The Top-Performing Alternative Investments: Celebrity Autographs
Fueled by supply shortages and increased demand, the autograph market is said to be red-hot -- the rarest items offer up to 20 percent in annual returns.
How It Works: The autograph market focuses on the trade of investment-grade memorabilia including photos, documents, letter and books signed by historical figures, politicians, classical and contemporary musicians, movie stars, sports and literary figures and space explorers, among others. Items are available for purchase and resale at auction houses, both brick-and-mortar and online, and through autograph dealers.
Who's Investing and Why They're So Good at It: Until recent decades, the autograph market was dominated by hobbyists and historians with limited means who collected for enjoyment's sake. Today it has evolved into a legitimate alternative investment strategy of 300 million collectors-strong.
Paul Fraser, director of Paul Fraser Collectibles, made his fortune sourcing unique investment-grade signed collectibles with only the highest provenance. He turned a personal passion for music into a business of selling collectible records and eventually become responsible for brokering the deal with the Smithsonian Institute for John Lennon's signed boyhood stamp album. He and his company have sold over $300 million in autographed memorabilia.
But there are still people like movie and TV critic Jane Louise Boursaw, who has amassed a personal collection of 100 autographs including Melanie Griffith, Doris Day and Tom Selleck, by simply making requests to the celebrities via mail. Another, less dignified, tack is taken by those who hound celebrities at movie premiers, restaurants and airports with dozens of photographs for them to sign.
What They're Making: According to Paul Fraser, autograph collection has a tremendous growth market fueled by supply shortages and increased demand, especially in the case of the finest rare and unique autographed memorabilia, which Fraser says have historically produced annual returns up to 20%.
The celebrity autograph market alone is knocking the stock market, real estate and gold out of the park with a 300% increase over the last decade, according to Fraser, whose 100 Autograph Index analyzes the world's top 100 most valuable autographs, comparing their market value from 1997 through present-day. The reclusive Neil Armstrong, who stopped issuing his John Hancock years ago, is the titleholder of most valuable living celebrity signature. Over the 12-year period from 1997-2009, it experienced a staggering 1057.9% increase in value, from roughly $750 to $8,700. But that's a mere pittance compared to Henry VIII whose letter asking the Pope to annul his marriage to Catherine of Aragon is worth over $430,000.
A Canadian man is still waiting to see if the XBox 360 he had autographed by then-governor Sarah Palin in Wasilla will fetch the $1.1 million he's asking for as a starting bid on eBay (EBAY).
Why They Really Do It: Star watchers and history buffs get instant bragging rights when they acquire that Tiger Woods-autographed Major Moments Collection from the 1997 Masters, the Marilyn Monroe-signed photograph or Albert Einstein-penned manuscript of equations. The sizable growth market and generous returns are an added bonus to having a tangible connection to their idols.
Malcolm Forbes of Forbes magazine perhaps put it best when he said, "None of my other investments give me the joy that autographs do because they make me feel that I am holding a piece of history in my hands."
How to Get Started: Investors whose capital is limited can always start by sending photos to their favorite celebrities by mail to have them signed. Celebrity mailing addresses are available at websites like Startiger.com, Yahoo's A1 Autograph Group and Stefan's Autographs.
If your resources exceed the price of a stamp, start browsing reputable online auctions and catalogs and study whose signatures are selling for what and compare the prices against valuation books. Many experts advise against buying from members of exclusive autograph societies who sell at fixed prices since items from these sellers tend to be overvalued.

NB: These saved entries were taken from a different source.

Lemma sat_ren {R M} (I : R -> list M -> Prop) (f : nat -> nat)
  (finj : forall a b, f a = f b -> a = b) phi : forall v,
  sat I v (ren f phi) <-> sat I (fun j => v (f j)) phi.
Proof.
  induction phi; intros v; simpl.
  - tauto.
  - now rewrite map_map.
  - now rewrite IHphi.
  - now rewrite IHphi1, IHphi2.
  - split; intros [x Hx]; exists x; rewrite IHphi in *; (eapply sat_ext; [|exact Hx]);
      intro j; cbv beta; rewrite (upd_comp_inj f v n x j finj); reflexivity.
Qed.

Lemma nat_parity_ind (P : nat -> Prop) :
  (forall k, P (2 * k)) -> (forall k, P (2 * k + 1)) -> forall n, P n.
Proof.
  intros Peven Podd n. rewrite (Nat.div2_odd n).
  destruct (Nat.odd n); simpl Nat.b2n; [apply Podd|rewrite Nat.add_0_r; apply Peven].
Qed.

Definition interleave {M} (v p : nat -> M) (n : nat) : M :=
  if Nat.even n then v (Nat.div2 n) else p (Nat.div2 n).

Lemma interleave_even {M} (v p : nat -> M) k : interleave v p (2 * k) = v k.
Proof. unfold interleave. now rewrite Nat.even_even, Nat.div2_double. Qed.

Lemma interleave_odd {M} (v p : nat -> M) k : interleave v p (2 * k + 1) = p k.
Proof. unfold interleave. now rewrite Nat.even_odd, Nat.div2_odd'. Qed.

Lemma interleave_inj (a b : nat -> nat) :
  (forall x y, a x = a y -> x = y) -> (forall x y, b x = b y -> x = y) ->
  (forall x y, a x <> b y) -> forall x y, interleave a b x = interleave a b y -> x = y.
Proof.
  intros ainj binj ab x y. revert y.
  induction x using nat_parity_ind; intro y; induction y using nat_parity_ind;
    rewrite ?interleave_even, ?interleave_odd; intro E.
  - now rewrite (ainj _ _ E).
  - now destruct (ab _ _ E).
  - now destruct (ab _ _ (eq_sym E)).
  - now rewrite (binj _ _ E).
Qed.

Definition scons {M} (x : M) (v : nat -> M) (n : nat) : M :=
  match n with 0 => x | S m => v m end.

Section Definability.
Variable G : DefGroup.

(* The formula reads the valuation [v] at even indices and the parameters [p] at
   odd ones. *)
Definition def_pred (P : (nat -> G) -> Prop) : Prop :=
  exists (phi : formula (rsym G)) (p : nat -> G),
    forall v, P v <-> sat (rint G) (interleave v p) phi.

Lemma def_pred_ext (P Q : (nat -> G) -> Prop) :
  (forall v, P v <-> Q v) -> def_pred P -> def_pred Q.
Proof. intros E [phi [p Hp]]. exists phi, p. intro v. rewrite <- E. apply Hp. Qed.

Lemma def_pred_not P : def_pred P -> def_pred (fun v => ~ P v).
Proof. intros [phi [p Hp]]. exists (Fnot phi), p. intro v. simpl. now rewrite Hp. Qed.

Lemma def_pred_and P Q : def_pred P -> def_pred Q -> def_pred (fun v => P v /\ Q v).
Proof.
  intros [phi1 [p1 H1]] [phi2 [p2 H2]].
  set (f1 := interleave (fun k => 2 * k) (fun k => 2 * (2 * k) + 1)).
  set (f2 := interleave (fun k => 2 * k) (fun k => 2 * (2 * k + 1) + 1)).
  assert (i1 : forall x y, f1 x = f1 y -> x = y) by (apply interleave_inj; intros; lia).
  assert (i2 : forall x y, f2 x = f2 y -> x = y) by (apply interleave_inj; intros; lia).
  exists (Fand (ren f1 phi1) (ren f2 phi2)), (interleave p1 p2).
  intro v. simpl. rewrite (sat_ren _ _ i1), (sat_ren _ _ i2), H1, H2.
  split; intros [A B]; split; (eapply sat_ext; [|eassumption]);
    intro j; induction j using nat_parity_ind; unfold f1, f2;
    now rewrite ?interleave_even, ?interleave_odd, ?interleave_even.
Qed.

Lemma def_pred_rename (f : nat -> nat) P : (forall a b, f a = f b -> a = b) ->
  def_pred P -> def_pred (fun v => P (fun i => v (f i))).
Proof.
  intros finj [phi [p Hp]].
  set (g := interleave (fun k => 2 * f k) (fun k => 2 * k + 1)).
  assert (ginj : forall x y, g x = g y -> x = y)
    by (apply interleave_inj; intros a b; [intro; apply finj| |]; lia).
  exists (ren g phi), p. intro v. rewrite (sat_ren _ _ ginj), Hp.
  apply sat_ext. intro j. induction j using nat_parity_ind; unfold g;
    now rewrite ?interleave_even, ?interleave_odd.
Qed.

(* The bound variable is placed at index 1, freed by shifting the parameters. *)
Lemma def_pred_ex P : def_pred P -> def_pred (fun v => exists x, P (scons x v)).
Proof.
  intros [phi [p Hp]].
  set (f := interleave (fun k => match k with 0 => 1 | S m => 2 * m end)
                       (fun k => 2 * k + 3)).
  assert (finj : forall x y, f x = f y -> x = y)
    by (apply interleave_inj; [intros [|] [|]|intros|intros [|]]; intros; lia).
  exists (Fex 1 (ren f phi)), (scons (one G) p). intro v. cbn [sat].
  assert (E : forall x j, upd (interleave v (scons (one G) p)) 1 x (f j)
                         = interleave (scons x v) p j).
  { intros x j. induction j as [[|m]|k] using nat_parity_ind; unfold f;
      rewrite ?interleave_even, ?interleave_odd.
    - now rewrite upd_eq.
    - rewrite upd_ne by lia. now rewrite interleave_even.
    - rewrite upd_ne by lia. replace (2 * k + 3) with (2 * S k + 1) by lia.
      now rewrite interleave_odd. }
  split; intros [x Hx]; exists x; rewrite ?Hp, ?(sat_ren _ _ finj) in *;
    (eapply sat_ext; [|exact Hx]); intro j; cbv beta; now rewrite E.
Qed.

Lemma def_pred_iff P Q : def_pred P -> def_pred Q -> def_pred (fun v => P v <-> Q v).
Proof.
  intros HP HQ.
  apply (def_pred_ext (fun v => ~ (P v /\ ~ Q v) /\ ~ (Q v /\ ~ P v))).
  - intro v. destruct (classic (P v)), (classic (Q v)); tauto.
  - apply def_pred_and; apply def_pred_not, def_pred_and; auto; apply def_pred_not; auto.
Qed.

Lemma def_pred_all P : def_pred P -> def_pred (fun v => forall x, P (scons x v)).
Proof.
  intro HP. apply (def_pred_ext (fun v => ~ exists x, ~ P (scons x v))).
  - intro v. split; [intros H x; apply NNPP; eauto | intros H [x Hx]; auto].
  - apply def_pred_not, (def_pred_ex (fun v => ~ P v)), def_pred_not, HP.
Qed.

Lemma def_pred_eq i j : def_pred (fun v => v i = v j).
Proof.
  exists (Feq (2 * i) (2 * j)), (fun _ => one G). intro v; cbn [sat].
  now rewrite !interleave_even.
Qed.

Lemma def_pred_eq_const i c : def_pred (fun v => v i = c).
Proof.
  exists (Feq (2 * i) (2 * 0 + 1)), (fun _ => c). intro v; cbn [sat].
  now rewrite interleave_even, interleave_odd.
Qed.

Lemma def_pred_mul i j k : i <> j -> j <> k -> i <> k ->
  def_pred (fun v => mul G (v i) (v j) = v k).
Proof.
  intros ij jk ik. destruct (mul_definable G) as [phi [p Hp]].
  set (f := fun n => match n with
                     | 0 => 2 * i | 1 => 2 * j | 2 => 2 * k | S (S (S m)) => 2 * m + 1 end).
  assert (finj : forall x y, f x = f y -> x = y)
    by (intros [|[|[|x]]] [|[|[|y]]]; simpl; intros; lia).
  exists (ren f phi), (fun n => p (S (S (S n)))).
  intro v. rewrite (sat_ren _ _ finj), Hp. apply sat_ext.
  intros [|[|[|m]]]; unfold f; rewrite ?interleave_even, ?interleave_odd; reflexivity.
Qed.

Lemma def_pred_mem (A : gset G) : definable G A -> def_pred (fun v => A (v 0)).
Proof.
  intros [phi [p Hp]].
  set (f := fun n => match n with 0 => 0 | S m => 2 * m + 1 end).
  assert (finj : forall x y, f x = f y -> x = y) by (intros [|x] [|y]; simpl; intros; lia).
  exists (ren f phi), (fun m => p (S m)).
  intro v. rewrite (sat_ren _ _ finj), Hp. apply sat_ext.
  intros [|m]; unfold f;
    [apply (interleave_even v (fun m => p (S m)) 0)|now rewrite interleave_odd].
Qed.

Lemma definable_of_def_pred (A : gset G) P :
  def_pred P -> (forall v, P v <-> A (v 0)) -> definable G A.
Proof.
  intros [phi [p Hp]] HA.
  set (f := fun n => match n with 0 => 0 | S m => S (S m) end).
  assert (finj : forall x y, f x = f y -> x = y) by (intros [|x] [|y]; simpl; intros; lia).
  exists (ren f phi), (fun m => interleave (fun _ => one G) p (pred m)).
  intro x. rewrite (sat_ren _ _ finj).
  transitivity (P (scons x (fun _ => one G))); [symmetry; apply HA|rewrite Hp].
  apply sat_ext. intros [|m]; [reflexivity|].
  unfold f, upd, interleave; simpl. destruct m as [|m]; [reflexivity|].
  simpl. now destruct (Nat.even m).
Qed.

Inductive term : Type :=
  | Tvar (i : nat) | Tconst (c : G) | Tmul (a b : term) | Tinv (a : term).

Fixpoint teval (v : nat -> G) (t : term) : G :=
  match t with
  | Tvar i => v i
  | Tconst c => c
  | Tmul a b => mul G (teval v a) (teval v b)
  | Tinv a => inv G (teval v a)
  end.

(* With the arguments shifted, intermediate values are bound by [def_pred_ex] at the
   front of the valuation, so no freshness conditions arise. *)
Lemma def_pred_term_graph t : def_pred (fun v => teval (fun i => v (S i)) t = v 0).
Proof.
  induction t as [i|c|a IHa b IHb|a IHa]; simpl.
  - apply def_pred_eq.
  - apply (def_pred_ext (fun v => v 0 = c)); [split; auto|apply def_pred_eq_const].
  - set (fa := fun n => match n with 0 => 0 | S i => S (S (S i)) end).
    set (fb := fun n => match n with 0 => 1 | S i => S (S (S i)) end).
    assert (fainj : forall x y, fa x = fa y -> x = y) by (intros [|] [|]; simpl; lia).
    assert (fbinj : forall x y, fb x = fb y -> x = y) by (intros [|] [|]; simpl; lia).
    assert (M : def_pred (fun w => mul G (w 0) (w 1) = w 2)) by (apply def_pred_mul; lia).
    pose proof (def_pred_and _ _ (def_pred_rename fa _ fainj IHa)
                  (def_pred_and _ _ (def_pred_rename fb _ fbinj IHb) M)) as D.
    apply def_pred_ex, def_pred_ex in D. revert D. apply def_pred_ext. intro v. simpl.
    split; [now intros [y [x [<- [<- E]]]]|].
    intros E. now exists (teval (fun i => v (S i)) b), (teval (fun i => v (S i)) a).
  - set (fa := fun n => match n with 0 => 1 | S i => S (S (S i)) end).
    assert (fainj : forall x y, fa x = fa y -> x = y) by (intros [|] [|]; simpl; lia).
    assert (M : def_pred (fun w => mul G (w 2) (w 1) = w 0)) by (apply def_pred_mul; lia).
    pose proof (def_pred_and _ _ (def_pred_rename fa _ fainj IHa)
                  (def_pred_and _ _ (def_pred_eq_const 0 (one G)) M)) as D.
    apply def_pred_ex, def_pred_ex in D. revert D. apply def_pred_ext. intro v. simpl.
    split; [intros [x [e [<- [-> E]]]]; symmetry; now apply mul_eq1_inv|].
    intros <-. exists (teval (fun i => v (S i)) a), (one G). auto using mulVg.
Qed.

Lemma def_pred_term_mem (A : gset G) t : definable G A -> def_pred (fun v => A (teval v t)).
Proof.
  intro HA.
  pose proof (def_pred_ex _ (def_pred_and _ _ (def_pred_term_graph t) (def_pred_mem A HA)))
    as D.
  revert D. apply def_pred_ext. intro v. simpl.
  split; [intros [y [E Ay]]; now rewrite <- E in Ay|intro Ay; now exists (teval v t)].
Qed.

End Definability.

Arguments Tvar {G}.
Arguments Tconst {G}.
Arguments Tmul {G}.
Arguments Tinv {G}.

Section DefinableSets.
Variable G : DefGroup.
Implicit Types A B X : gset G.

When choosing which celebrities to invest in, autographs from deceased people may be the best way to ensure safety as their reputations are already cemented and supply of their merchandise will only continue to decrease. The rarer the items, from one-of-a-kind to five-of-a-kind collectibles, fetch the best result.
When you're ready to make a purchase, visit an auction or a dealer like Paul Fraser Collectibles or Stanley Gibbons, where you can browse by category. Right now on the Fraser site, the first company check signed by Orville and Wilbur Wright is up for grabs for just under $56,000.
Amateurs Be Warned: Millions of dollars in fraudulent memorabilia are sold each year. Don't outright trust an autograph's certificate of authenticity. They can, and are, easily forged. Go to an expert third party to have the signature authenticated. Joe Orlando, president of PSA/DNA Authentication Services warns, "If I say the item's authentic and grade it on quality and I'm the seller, there's a problem."
Collectors must also be aware of memorabilia signed with autopens, by proxy and with preprinted signatures. While not technically fakes, these autographs are far less valuable.